Our analysis identified twenty genes associated with treatment in established RA, which were independent of changes in cell composition. Many of these genes have been associated with processes involved in RA progression. This included several genes associated with type 1 interferon response66 (GBP1P1, IFI27, IFI44L, UFI44, GBP4, GBP5, LGALS3BP, SMAD4A). Interferon response is mediated by multiple cell types and has been associated with multiple rheumatic diseases66. Additionally, several disease-associated genes were implicated in immune-mediated functions such as AIM2 (Absent in melanoma 2), which activates inflammasome formation in macrophages in response to double-stranded DNA and GBP5 (Guanylate Binding Protein 5) which is upregulated in synovial fibroblasts. GBP5 knockout studies in animals exacerbates disease and increases bone destruction67. TG2 (Transglutaminase 2) is associated with wound healing and inflammatory diseases68 and linked with cartilage degradation69.
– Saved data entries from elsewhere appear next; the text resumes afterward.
Lemma optimal_path_exists r0 r1 : 0 < r0 < 1 -> 0 < r1 < 1 ->
  exists r, admissible r0 r1 r /\
    forall t, 0 <= t <= 1 ->
      Xf theta (r t) = sinh_interp (Xf theta r0) (Xf theta r1) t /\
      Xf' theta (r t) * Derive r t = sinh_interp' (Xf theta r0) (Xf theta r1) t.
Proof.
  intros H0 H1.
  set (y := sinh_interp (Xf theta r0) (Xf theta r1)).
  set (y' := sinh_interp' (Xf theta r0) (Xf theta r1)).
  set (c := r0 * r1 / 2).
  set (d := 1 - (1 - r0) * (1 - r1) / 2).
  assert (Hc : 0 < c /\ c < r0 /\ c < r1 /\ c < 1/2) by (unfold c; repeat split; nra).
  assert (Hd : r0 < d /\ r1 < d /\ 1/2 < d /\ d < 1) by (unfold d; repeat split; nra).
  clearbody c d.
  destruct (Xf_inverse c d) as [g [Hg Hg']]; try lra.
  assert (Hy : forall t, 0 <= t <= 1 -> Xf theta c < y t < Xf theta d).
  { intros t Ht. apply sinh_interp_bounds; [rewrite <- (Xf_half theta); split | split | split | exact Ht];
      apply Xf_lt; lra. }
  set (r := fun t => g (y t)).
  assert (Hr : forall t, 0 <= t <= 1 -> c <= r t <= d /\ Xf theta (r t) = y t).
  { intros t Ht. apply Hg. pose proof (Hy t Ht). lra. }
  assert (Hder : forall s, Xf theta c < y s < Xf theta d ->
                   is_derive r s (y' s * / Xf' theta (r s))).
  { intros s Hs. exact (is_derive_comp g y s _ _ (Hg' _ Hs) (is_derive_sinh_interp _ _ s)). }
  assert (Hycont : forall t, continuous y t).
  { intros t. exact (ex_derive_continuous y t (ex_intro _ _ (is_derive_sinh_interp _ _ t))). }
  assert (Hloc : forall t, 0 <= t <= 1 -> locally t (fun s => Xf theta c < y s < Xf theta d)).
  { intros t Ht. apply (Hycont t (fun z => Xf theta c < z < Xf theta d)).
    apply (locally_interval _ _ (Xf theta c) (Xf theta d)); try apply Hy, Ht. now split. }
  exists r. split; [split; [|split]|].
  - intros t Ht. destruct (Hr t Ht) as [Hrt _].
    assert (Hpos : 0 < Xf' theta (r t)) by (apply Xf'_pos; lra).
    split; [eexists; apply Hder, Hy, Ht|]. split; [|lra].
    apply (continuous_ext_loc _ (fun s => y' s * / Xf' theta (r s))).
    + apply (filter_imp (fun s => Xf theta c < y s < Xf theta d)); [|apply Hloc, Ht].
      intros s Hs. symmetry. exact (is_derive_unique _ _ _ (Hder s Hs)).
    + apply (continuous_mult y').
      * exact (ex_derive_continuous y' t (ex_intro _ _ (is_derive_sinh_interp' _ _ t))).
      * apply continuous_Rinv_comp; [|lra].
        apply (continuous_comp r); [|apply Xf'_continuous; lra].
        apply (continuous_comp y g); [apply Hycont|].
        exact (ex_derive_continuous g _ (ex_intro _ _ (Hg' _ (Hy t Ht)))).
  - destruct (Hr 0 ltac:(lra)) as [Hr0 HX0]. apply Xf_inj; [lra | exact H0 |].
    rewrite HX0. apply sinh_interp_0.
  - destruct (Hr 1 ltac:(lra)) as [Hr1 HX1]. apply Xf_inj; [lra | exact H1 |].
    rewrite HX1. apply sinh_interp_1.
  - intros t Ht. destruct (Hr t Ht) as [Hrt ->]. split; [reflexivity|].
    rewrite (is_derive_unique _ _ _ (Hder t (Hy t Ht))).
    assert (0 < Xf' theta (r t)) by (apply Xf'_pos; lra). field. lra.
Qed.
Recent studies have explored the differences of TNF between responders and non-responders using individual transcripts70 or expression modules71. However, many of these studies had limited ability to differentiate between responders and non-responders, resulting in a low predictive ability to predict responders. Moreover, there is a relatively low overlap of DEGs identified in previous studies of TNFi72. This may be due to patient heterogeneity, which could make it difficult to accurately detect differentially regulated genes. Alternatively, differences in cell abundance could contribute to patient heterogeneity. More work needs to be done to determine if differences in cell abundance can explain the observed patient heterogeneity in most studies.
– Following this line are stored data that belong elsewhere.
Lemma sym_row0_block (R : pzRingType) n (B : 'M[R]_(1 + n)) a :
  B^T = B -> row 0 B = a *: row 0 1%:M -> B = block_mx a%:M 0 0 (drsubmx B).
Proof.
move=> sB rB; have l0 : lshift n (0 : 'I_1) = 0 by apply: val_inj.
have ur : ursubmx B = 0.
  apply/matrixP => i j; rewrite ord1 !mxE l0.
  have := congr1 (fun r : 'rV_(1 + n) => r 0 (rshift 1 j)) rB; rewrite !mxE /=.
  by move=> ->; rewrite mulr0.
have dl : dlsubmx B = 0 by rewrite -sB -trmx_ursub ur trmx0.
have ul : ulsubmx B = a%:M.
  apply/matrixP => i j; rewrite !ord1 !mxE /=.
  have := congr1 (fun r : 'rV_(1 + n) => r 0 0) rB; rewrite !mxE /=.
  by rewrite l0 mulr1 mulr1n.
by rewrite -ul -ur -dl submxK.
Qed.

Section BlockDiag.
Variables (R : comPzRingType) (n : nat) (U : 'M[R]_n).
Let Ub : 'M[R]_(1 + n) := block_mx 1%:M 0 0 U.

Lemma trmx_block1_mul : U^T *m U = 1%:M -> Ub^T *m Ub = 1%:M.
Proof.
move=> UU; rewrite /Ub tr_block_mx !trmx0 trmx1 mulmx_block.
by rewrite !mulmx0 !mul0mx !mulmx1 !addr0 !add0r UU -scalar_mx_block.
Qed.

Lemma block1_conj_diag a (s : 'rV[R]_n) :
  block_mx a%:M 0 0 (U *m diag_mx s *m U^T) =
  Ub *m diag_mx (row_mx a%:M s) *m Ub^T.
Proof.
rewrite /Ub diag_mx_row tr_block_mx !trmx0 trmx1 !mulmx_block.
have -> : diag_mx (a%:M : 'rV_1) = a%:M by apply/matrixP => i j; rewrite !ord1 !mxE.
by rewrite !mulmx0 !mul0mx !mulmx1 !mul1mx !addr0 !add0r ?mul0mx.
Qed.

End BlockDiag.

Lemma sym_spectral (R : rcfType) n (M : 'M[R]_n) : M^T = M ->
  exists (U : 'M[R]_n) (s : 'rV[R]_n),
    U^T *m U = 1%:M /\ M = U *m diag_mx s *m U^T.
Proof.
elim: n M => [|n IHn] M sM; first by exists 1%:M, 0; split; apply/matrixP => -[].
have [a [v [v1 vM]]] := sym_unit_eigenvector sM.
have [H [sH HH rH]] := householder v1.
(* [H M H] has first row [a e_0]; deflate to the lower right block. *)
pose B : 'M_(1 + n) := H *m M *m H.
have sB : B^T = B by rewrite /B !trmx_mul sH sM mulmxA.
have rB : row 0 B = a *: row 0 1%:M.
  by rewrite /B !row_mul rH vM -scalemxAl -rH -row_mul HH.
have sB' : (drsubmx B)^T = drsubmx B by rewrite trmx_drsub sB.
have [U [s [UU eB]]] := IHn _ sB'.
exists (H *m (block_mx 1%:M 0 0 U : 'M_(1 + n))), (row_mx a%:M s); split.
  by rewrite trmx_mul sH mulmxA -[_ *m H *m H]mulmxA HH mulmx1 trmx_block1_mul.
have eM : M = H *m B *m H by rewrite /B !mulmxA HH mul1mx -mulmxA HH mulmx1.
by rewrite eM (sym_row0_block sB rB) eB block1_conj_diag trmx_mul sH !mulmxA.
Qed.

Section MatrixFacts.
Variable R : comPzRingType.

Lemma quad_colE m k (X : 'M[R]_m) (P : 'M[R]_(m, k)) i :
  ((col i P)^T *m X *m col i P) 0 0 = (P^T *m X *m P) i i.
Proof.
rewrite !colE trmx_mul trmx_delta !mulmxA -rowE -!row_mul -colE.
by rewrite [LHS]mxE [LHS]mxE.
Qed.

Lemma diag_quadE k (s : 'rV[R]_k) (y : 'cV[R]_k) :
  (y^T *m diag_mx s *m y) 0 0 = \sum_i s 0 i * y i 0 ^+ 2.
Proof.
rewrite mul_mx_diag mxE; apply: eq_bigr => i _; rewrite !mxE.
by rewrite mulrCA mulrA; congr (_ * _ * _); rewrite mxE.
Qed.

Lemma eigen_colsP n k (A : 'M[R]_n) (V : 'M[R]_(n, k)) (s : 'rV[R]_k) :
  (forall i, A *m col i V = s 0 i *: col i V) <-> A *m V = V *m diag_mx s.
Proof.
have colM j : A *m col j V = col j (A *m V) by rewrite !colE mulmxA.
split=> [Acol | AV i].
  apply/matrixP => r j; have := congr1 (fun c : 'cV_n => c r 0) (Acol j).
  by rewrite colM mul_mx_diag !mxE mulrC.
by rewrite colM AV mul_mx_diag; apply/colP => r; rewrite !mxE mulrC.
Qed.

End MatrixFacts.

Lemma mulmx1_invmx (R : comUnitRingType) n (A B : 'M[R]_n) :
  A *m B = 1%:M -> invmx A = B.
Proof.
move=> AB; have [Au _] := mulmx1_unit AB.
by rewrite -[invmx A]mulmx1 -AB mulmxA mulVmx // mul1mx.
Qed.

Lemma diag_mx_mulV (R : fieldType) k (s : 'rV[R]_k) : (forall i, s 0 i != 0) ->
  diag_mx s *m diag_mx (\row_i (s 0 i)^-1) = 1%:M.
Proof.
move=> s_neq0; apply/matrixP => i j; rewrite mul_diag_mx !mxE.
by case: eqVneq => [->|]; rewrite ?mulr1n ?mulr0n ?mulr0 ?mulfV.
Qed.

Lemma diag_quad_gt0 (R : realDomainType) k (s : 'rV[R]_k) (y : 'cV[R]_k) :
  (forall i, 0 < s 0 i) -> y != 0 -> 0 < (y^T *m diag_mx s *m y) 0 0.
Proof.
move=> s_gt0 ynz; rewrite diag_quadE.
have [i yi] : exists i, y i 0 != 0.
  apply/existsP; apply: contraR ynz; rewrite negb_exists => /forallP y0.
  by apply/eqP/matrixP => i j; rewrite ord1 mxE; apply/eqP; rewrite -[_ == _]negbK y0.
rewrite (bigD1 i) //= ltr_pwDl ?sumr_ge0 // => [|j _].
  by rewrite mulr_gt0 // exprn_even_gt0.
by rewrite mulr_ge0 ?sqr_ge0 ?ltW.
Qed.

Section PositiveDefinite.
Variable R : realType.

Lemma spd_unitmx k (M : 'M[R]_k) : spd_mx M -> M \in unitmx.
Proof.
case=> _ pdM; rewrite unitmxE unitfE; apply/negP => /det0P [v vnz vM].
have := pdM v^T; rewrite trmx_eq0 trmxK vM mul0mx mxE ltxx.
by move/(_ vnz).
Qed.

Lemma spd_orthonormal_diag_gt0 m k (X : 'M[R]_m) (P : 'M[R]_(m, k)) i :
  spd_mx X -> P^T *m P = 1%:M -> 0 < (P^T *m X *m P) i i.
Proof.
case=> _ pdX PP; rewrite -quad_colE pdX //; apply/eqP => Pi0.
have := quad_colE 1%:M P i; rewrite Pi0 mulmx0 mulmx1 PP !mxE eqxx.
by move/eqP; rewrite eq_sym oner_eq0.
Qed.

Lemma spd_orthogonal_diag k (U : 'M[R]_k) (s : 'rV[R]_k) :
  U^T *m U = 1%:M -> (forall i, 0 < s 0 i) -> spd_mx (U *m diag_mx s *m U^T).
Proof.
move=> UU s_gt0; split; first by rewrite !trmx_mul trmxK tr_diag_mx mulmxA.
move=> x xnz; have UtX : U^T *m x != 0.
  by apply: contra xnz => /eqP Ux0; rewrite -[x]mul1mx -(mulmx1C UU) -mulmxA Ux0 mulmx0.
by have := diag_quad_gt0 s_gt0 UtX; rewrite trmx_mul trmxK !mulmxA.
Qed.

End PositiveDefinite.

Section Equilibria.
Variables (R : realType) (n k : nat) (A : 'M[R]_n).

Lemma equilibrium_spectral (W : 'M[R]_(k, n)) (M : 'M[R]_k) :
  A^T = A -> in_E A W M ->
  exists (U : 'M[R]_k) (V : 'M[R]_(n, k)) (s : 'rV[R]_k),
    [/\ orthogonal_mx U,
        V^T *m V = 1%:M,
        (forall i : 'I_k, A *m col i V = s 0 i *: col i V),
        W = U *m diag_mx s *m V^T
      & M = U *m diag_mx s *m U^T].
Proof.
move=> sA [spdM [WAW MWAWM]]; have Mu := spd_unitmx spdM.
have WA : W *m A = M *m W by rewrite -{2}WAW !mulmxA mulmxV // mul1mx.
have WWt : W *m W^T = M *m M by rewrite -{1}MWAWM WAW mulmxKV.
have [U [s [UU eM]]] := sym_spectral spdM.1.
have UUt := mulmx1C UU.
have MU : M *m U = U *m diag_mx s by rewrite eM -[_ *m U^T *m U]mulmxA UU mulmx1.
have UtMU : U^T *m M *m U = diag_mx s by rewrite -mulmxA MU mulmxA UU mul1mx.
have s_gt0 i : 0 < s 0 i.
  by have := spd_orthonormal_diag_gt0 i spdM UU; rewrite UtMU mxE eqxx mulr1n.
have DDi := diag_mx_mulV (fun i => lt0r_neq0 (s_gt0 i)).
have DiD := mulmx1C DDi.
set D := diag_mx s in eM MU UtMU DDi DiD *; set Di := diag_mx _ in DDi DiD.
(* The eigenvectors are read off from [W^T U = V D]. *)
pose V := W^T *m U *m Di.
have AV : A *m V = V *m D.
  rewrite /V !mulmxA -sA -trmx_mul WA trmx_mul spdM.1 eM !mulmxA.
  by rewrite -[_ *m U^T *m U]mulmxA UU mulmx1 -!mulmxA DiD DDi.
exists U, V, s; split => //.
- rewrite /V !trmx_mul trmxK tr_diag_mx !mulmxA -[_ *m W *m W^T]mulmxA WWt -/Di.
  rewrite !mulmxA -[_ *m M *m U]mulmxA MU mulmxA -[_ *m M *m U]mulmxA MU.
  by rewrite mulmxA -[_ *m U^T *m U]mulmxA UU mulmx1 DiD mul1mx DDi.
- exact/eigen_colsP.
- rewrite /V !trmx_mul trmxK tr_diag_mx -/Di !mulmxA.
  by rewrite -[U *m D *m Di]mulmxA DDi mulmx1 UUt mul1mx.
Qed.

Lemma spectral_equilibrium (U : 'M[R]_k) (V : 'M[R]_(n, k)) (s : 'rV[R]_k) :
  spd_mx A -> orthogonal_mx U -> V^T *m V = 1%:M ->
  (forall i : 'I_k, A *m col i V = s 0 i *: col i V) ->
  in_E A (U *m diag_mx s *m V^T) (U *m diag_mx s *m U^T).
Proof.
move=> spdA [UU UUt] VV /eigen_colsP AV.
have s_gt0 i : 0 < s 0 i.
  have := spd_orthonormal_diag_gt0 i spdA VV.
  by rewrite -mulmxA AV mulmxA VV mul1mx mxE eqxx mulr1n.
have DDi := diag_mx_mulV (fun i => lt0r_neq0 (s_gt0 i)).
have DiD := mulmx1C DDi.
set D := diag_mx s in AV DDi DiD *; set Di := diag_mx _ in DDi DiD.
have VtA : V^T *m A = D *m V^T by rewrite -spdA.1 -trmx_mul AV trmx_mul tr_diag_mx.
have Minv : invmx (U *m D *m U^T) = U *m Di *m U^T.
  apply: mulmx1_invmx; rewrite !mulmxA -[_ *m U^T *m U]mulmxA UU mulmx1.
  by rewrite -[U *m D *m Di]mulmxA DDi mulmx1 UUt.
have WAW : invmx (U *m D *m U^T) *m (U *m D *m V^T) *m A = U *m D *m V^T.
  rewrite Minv !mulmxA -[_ *m U^T *m U]mulmxA UU mulmx1.
  by rewrite -[U *m Di *m D]mulmxA DiD mulmx1 -mulmxA VtA mulmxA.
split; [exact: spd_orthogonal_diag | split => //].
rewrite WAW Minv !trmx_mul trmxK tr_diag_mx -/D !mulmxA.
rewrite -[_ *m V^T *m V]mulmxA VV mulmx1 -[_ *m U^T *m U]mulmxA UU mulmx1.
by rewrite -[_ *m D *m Di]mulmxA DDi mulmx1.
Qed.

End Equilibria.

Theorem lemma1 (R : realType) (n k : nat) (hk : (1 <= k)%N) (hkn : (k < n)%N)
    (tau : R) (htau : 0 < tau) (A : 'M[R]_n) (hA : spd_mx A)
    (W : 'M[R]_(k, n)) (M : 'M[R]_k) :
  in_E A W M <->
  exists (U : 'M[R]_k) (V : 'M[R]_(n, k)) (s : 'rV[R]_k),
    [/\ orthogonal_mx U,
        V^T *m V = 1%:M,
        (forall i : 'I_k, A *m col i V = s 0 i *: col i V),
        W = U *m diag_mx s *m V^T
      & M = U *m diag_mx s *m U^T].
Proof.
split=> [|[U [V [s [oU VV AV -> ->]]]]]; first exact: equilibrium_spectral hA.1.
exact: spectral_equilibrium.
Qed.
Despite these findings, there are some limitations to our study. We used cell markers that were partially derived from healthy individuals, which may have missed some changes in cell state due to disease and/or treatment. In addition, our method was limited to a predefined set of cell types and could not identify potential novel cells or cell states. While newer single cell technologies would allow us to capture such novel cell types and cell states, our method has the distinct advantage to be able to utilize historical bulk RNAseq data in particular where methods to determine cell contributions were not employed. Finally, we relied on cell signatures derived from blood to learn about RA, even though the main site of the disease is in the synovium. It is worth noting that changes in cell proportions in the blood may differ from changes in the synovium.

Conclusions

In summary, our computational approach to identifying cell contributions has allowed us to determine that the majority of genes regulated in rheumatoid arthritis are not directly associated with regulatory changes of genes, but rather associated with changes in cell proportions. We have also identified several disease-associated genes that warrant further exploration as potential targets or biomarkers of disease progression. We applied prediction algorithms to determine if the cell proportion can be used to predict response to the current standard of care therapy and while these results are encouraging, we plan to extend our studies into larger patient cohorts to validate these findings. We believe that the methods we employed can be applied to other diseases to better understand the contributions of cell proportions to disease and to deconvolve the overall gene expression signature.